Heres mine...again, for those who don't already know!


----------



## EGLC (Nov 8, 2007)

that is the largest kubota I've seen setup as a TLB....looks very nice, how does it compare to a cat or similar fullsize TLB??


----------



## fordpsd (Aug 23, 2008)

ProTouchGrounds;678238 said:


> does anyone use those JCB loaders that have the 4 wheel steer (each of the 4 wheels is the same size)? wondering how good those would be.
> 
> i think thats one in salopez's pic up there.

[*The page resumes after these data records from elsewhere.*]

(* Let $k\ge 1$ and $n\ge 2k+1$. The map $f:X_{n,k}\to X_{n,k}$ is a bijection, and for every $x\in X_{n,k}$ the strings $x$ and $f(x)$ have no $1$ at a common position, $f(x)\neq x$ and $f^2(x)\ne x$. Consequently, for every $x\in X_{n,k}$ the sequence $C(x)=(x,f(x),f^2(x),\dots)$, continued until $x$ reappears, is a cycle of length at least $3$ in $K(n,k)$ (vertices identified with characteristic vectors), and these cycles partition the vertex set.
   Context: $X_{n,k}$ is the set of binary strings of length $n$ with exactly $k$ ones; a $k$-subset of $[n]$ is identified with its characteristic vector, so two vertices of the Kneser graph $K(n,k)$ are adjacent iff their strings have no $1$ at a common position. Positions are taken cyclically modulo $n$. Cyclic parenthesis matching: regard $x$ as a cyclic string, $1$s as opening and $0$s as closing brackets; each $1$ at position $i$ is matched to the last $0$ of the shortest cyclic substring starting at position $i$ and going to the right that contains equally many $0$s and $1$s. Since $n\ge 2k+1$, every $1$ is matched and exactly $n-2k$ zeros are unmatched. $f(x)$ is obtained from $x$ by complementing all matched bits (matched $1$s and matched $0$s), leaving unmatched $0$s unchanged. *)

From mathcomp Require Import all_boot.
Set Implicit Arguments. Unset Strict Implicit. Unset Printing Implicit Defensive.

Section Kneser.
Variable n : nat.

Definition cbit (x : n.-tuple bool) (m : nat) : bool := nth false x (m %% n).

(* X_{n,k}: strings with exactly k ones (characteristic vectors of k-subsets). *)
Definition Xnk (k : nat) : {set n.-tuple bool} := [set x : n.-tuple bool | count id x == k].

Definition kadj : rel (n.-tuple bool) :=
  fun x y => [forall i : 'I_n, ~~ (tnth x i && tnth y i)].

Definition ones_in (x : n.-tuple bool) (i l : nat) : nat :=
  \sum_(0 <= d < l) cbit x (i + d).

Definition balanced (x : n.-tuple bool) (i l : nat) : bool :=
  (0 < l <= n) && ((ones_in x i l).*2 == l).

Definition matched1 (x : n.-tuple bool) (i : nat) : bool :=
  cbit x i && has (balanced x i) (iota 1 n).

(* position of the last 0 of the shortest balanced substring starting at i:
   its length is (find ... ).+1, so its last position is i + find ... *)
Definition match_pos (x : n.-tuple bool) (i : nat) : nat :=
  (i + find (balanced x i) (iota 1 n)) %% n.

Definition matched (x : n.-tuple bool) (j : nat) : bool :=
  matched1 x j ||
  (~~ cbit x j && [exists i : 'I_n, matched1 x i && (match_pos x i == j)]).

Definition fK (x : n.-tuple bool) : n.-tuple bool :=
  [tuple (if matched x j then ~~ tnth x j else tnth x j) | j < n].

End Kneser.

(* Read a 1 as a step up and a 0 as a step down: the height H of x then drifts by
   2k - n < 0 per period.  A 1 at i is matched to the first return of H to the level
   H(i), and (looking at positions t >= n, so that a whole period lies behind t) a 0
   at t is unmatched exactly when its down-step reaches a new running minimum M.
   Hence f(x) is the string of height 2M - H: it has k ones, is disjoint from x and
   determines x (a 1 of x becomes a 0 of f(x) whose level recurs within n steps, an
   unmatched 0 of x stays a 0 whose level never recurs).  Being injective on the finite
   set X_{n,k}, f is a bijection, whose orbits partition X_{n,k} into cycles of K(n,k).
   Finally, at the first new minimum t+1 following a step t that is not one, x reads
   00 and f(x) reads 10 at t, t+1; that 0 of f(x) is matched to the 1 before it, so
   f^2(x) has a 1 at t+1 where x has a 0. *)

From mathcomp Require Import all_boot order ssralg ssrnum ssrint zify.
Set Implicit Arguments. Unset Strict Implicit. Unset Printing Implicit Defensive.
Import Order.TTheory.

Lemma unit_steps_ivt (g : nat -> int) a b v : a <= b ->
  (forall s, a <= s < b -> (-1 <= g s.+1 - g s <= 1)%R) ->
  (Num.min (g a) (g b) <= v <= Num.max (g a) (g b))%R ->
  exists2 s, a <= s <= b & g s = v.
Proof.
elim: b => [|b IH] ab steps hv.
  by exists 0; [lia | move: ab hv; rewrite leqn0 => /eqP ->; lia].
case: (ltnP b a) => [ba | {}ab].
  have ea : a = b.+1 by lia.
  by exists b.+1; [lia | move: hv; rewrite ea; lia].
have := steps b ltac:(lia).
case: (boolP (Num.min (g a) (g b) <= v <= Num.max (g a) (g b))%R) => hb step_b.
  by have [s hs gs] := IH ab (fun s hs => steps s ltac:(lia)) hb; exists s => //; lia.
by exists b.+1 => //; lia.
Qed.

Lemma constant_steps (g : nat -> int) (c : int) a d :
  (forall s, a <= s < a + d -> g s.+1 = (g s + c)%R) -> g (a + d) = (g a + d%:Z * c)%R.
Proof.
elim: d => [|d IH] steps; first by rewrite addn0; lia.
rewrite addnS steps ?IH => [|s hs|]; [lia | apply: steps | ]; lia.
Qed.

Lemma find_iota1 (P : pred nat) m L : 0 < L <= m -> P L ->
  (forall L', 0 < L' < L -> ~~ P L') -> find P (iota 1 m) = L.-1.
Proof.
move=> hL PL before_L.
have -> : m = L.-1 + (m - L.-1) by lia.
rewrite iotaD find_cat size_iota ifF; last first.
  by apply/hasPn => L'; rewrite mem_iota => hL'; apply: before_L; lia.
have -> : m - L.-1 = (m - L).+1 by lia.
by rewrite /= (_ : 1 + L.-1 = L) ?PL ?addn0 //; lia.
Qed.

Section Height.
Variables (n : nat) (x : n.-tuple bool).

Definition step (b : bool) : int := if b then 1%R else (-1)%R.

Definition height (t : nat) : int := (\sum_(0 <= s < t) step (cbit x s))%R.

Fixpoint minh (t : nat) : int :=
  if t is t'.+1 then Num.min (minh t') (height t) else height 0.

Lemma height0 : height 0 = 0%R.
Proof. by rewrite /height big_geq. Qed.

Lemma heightS t : height t.+1 = (height t + step (cbit x t))%R.
Proof. by rewrite /height big_nat_recr. Qed.

Lemma height_step t : (-1 <= height t.+1 - height t <= 1)%R.
Proof. by rewrite heightS /step; case: cbit; lia. Qed.

Lemma cbitDn t : cbit x (t + n) = cbit x t.
Proof. by rewrite /cbit modnDr. Qed.

Lemma cbit_mod t : cbit x (t %% n) = cbit x t.
Proof. by rewrite /cbit modn_mod. Qed.

Lemma height_addn t : height (t + n) = (height t + height n)%R.
Proof.
elim: t => [|t IH]; first by rewrite add0n height0; lia.
by rewrite addSn !heightS IH cbitDn; lia.
Qed.

Lemma height_addmn t q : height (t + q * n) = (height t + q%:Z * height n)%R.
Proof.
elim: q => [|q IH]; first by rewrite mul0n addn0; lia.
by rewrite mulSn (addnC n) addnA height_addn IH; lia.
Qed.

The guy i work for also has the jcb with the four wheel steer. Im not always at the same location as that machine but next time i am ill ask the operator how he likes it and give you some feedback.


----------



## V-Boss (Dec 31, 2009)

My dad's '87 JD 510C. 4x4 ext. hoe. She may be old but she's one helluva hoe 

BTW not used in the winter, just thought I'd throw some pics up.


----------



## Hysert (Dec 16, 2009)

creativedesigns;952254 said:


> Heres mine...again, for those who don't already know!


Hey bud nice machine I have a L39 love it.... wondering where to get a cab from....


----------



## Banksy (Aug 31, 2005)

eatmytailpipes, Wrong pictures perhaps?? LOL!


----------



## bigc1301 (Apr 7, 2007)

here is a backhoe that was with me on a site. NO CAB. WTF. I will keep my nice warm truck


----------



## srl28 (Jan 2, 2006)

How do you guys, with the L39, M59 Kubotas and JD 110s, like them? Any with pushers on em? If so what size pusher and how big of a lot are you doing with them?


----------



## mwmdesigns (Dec 6, 2007)

for you guys with older kubotas w/o factory cab options..check out sims cab I have a b26 tlb and am considering one of these setups. they look a bit nicer than the curtis cabs Ive seen


----------



## Hysert (Dec 16, 2009)

srl28;970403 said:


> How do you guys, with the L39, M59 Kubotas and JD 110s, like them? Any with pushers on em? If so what size pusher and how big of a lot are you doing with them?


Hey Haven't used my L39 for pushing snow just stock piling a few times and it worked great but with no glass and a heater I don't use it much in the winter.... looking for a full cab...


----------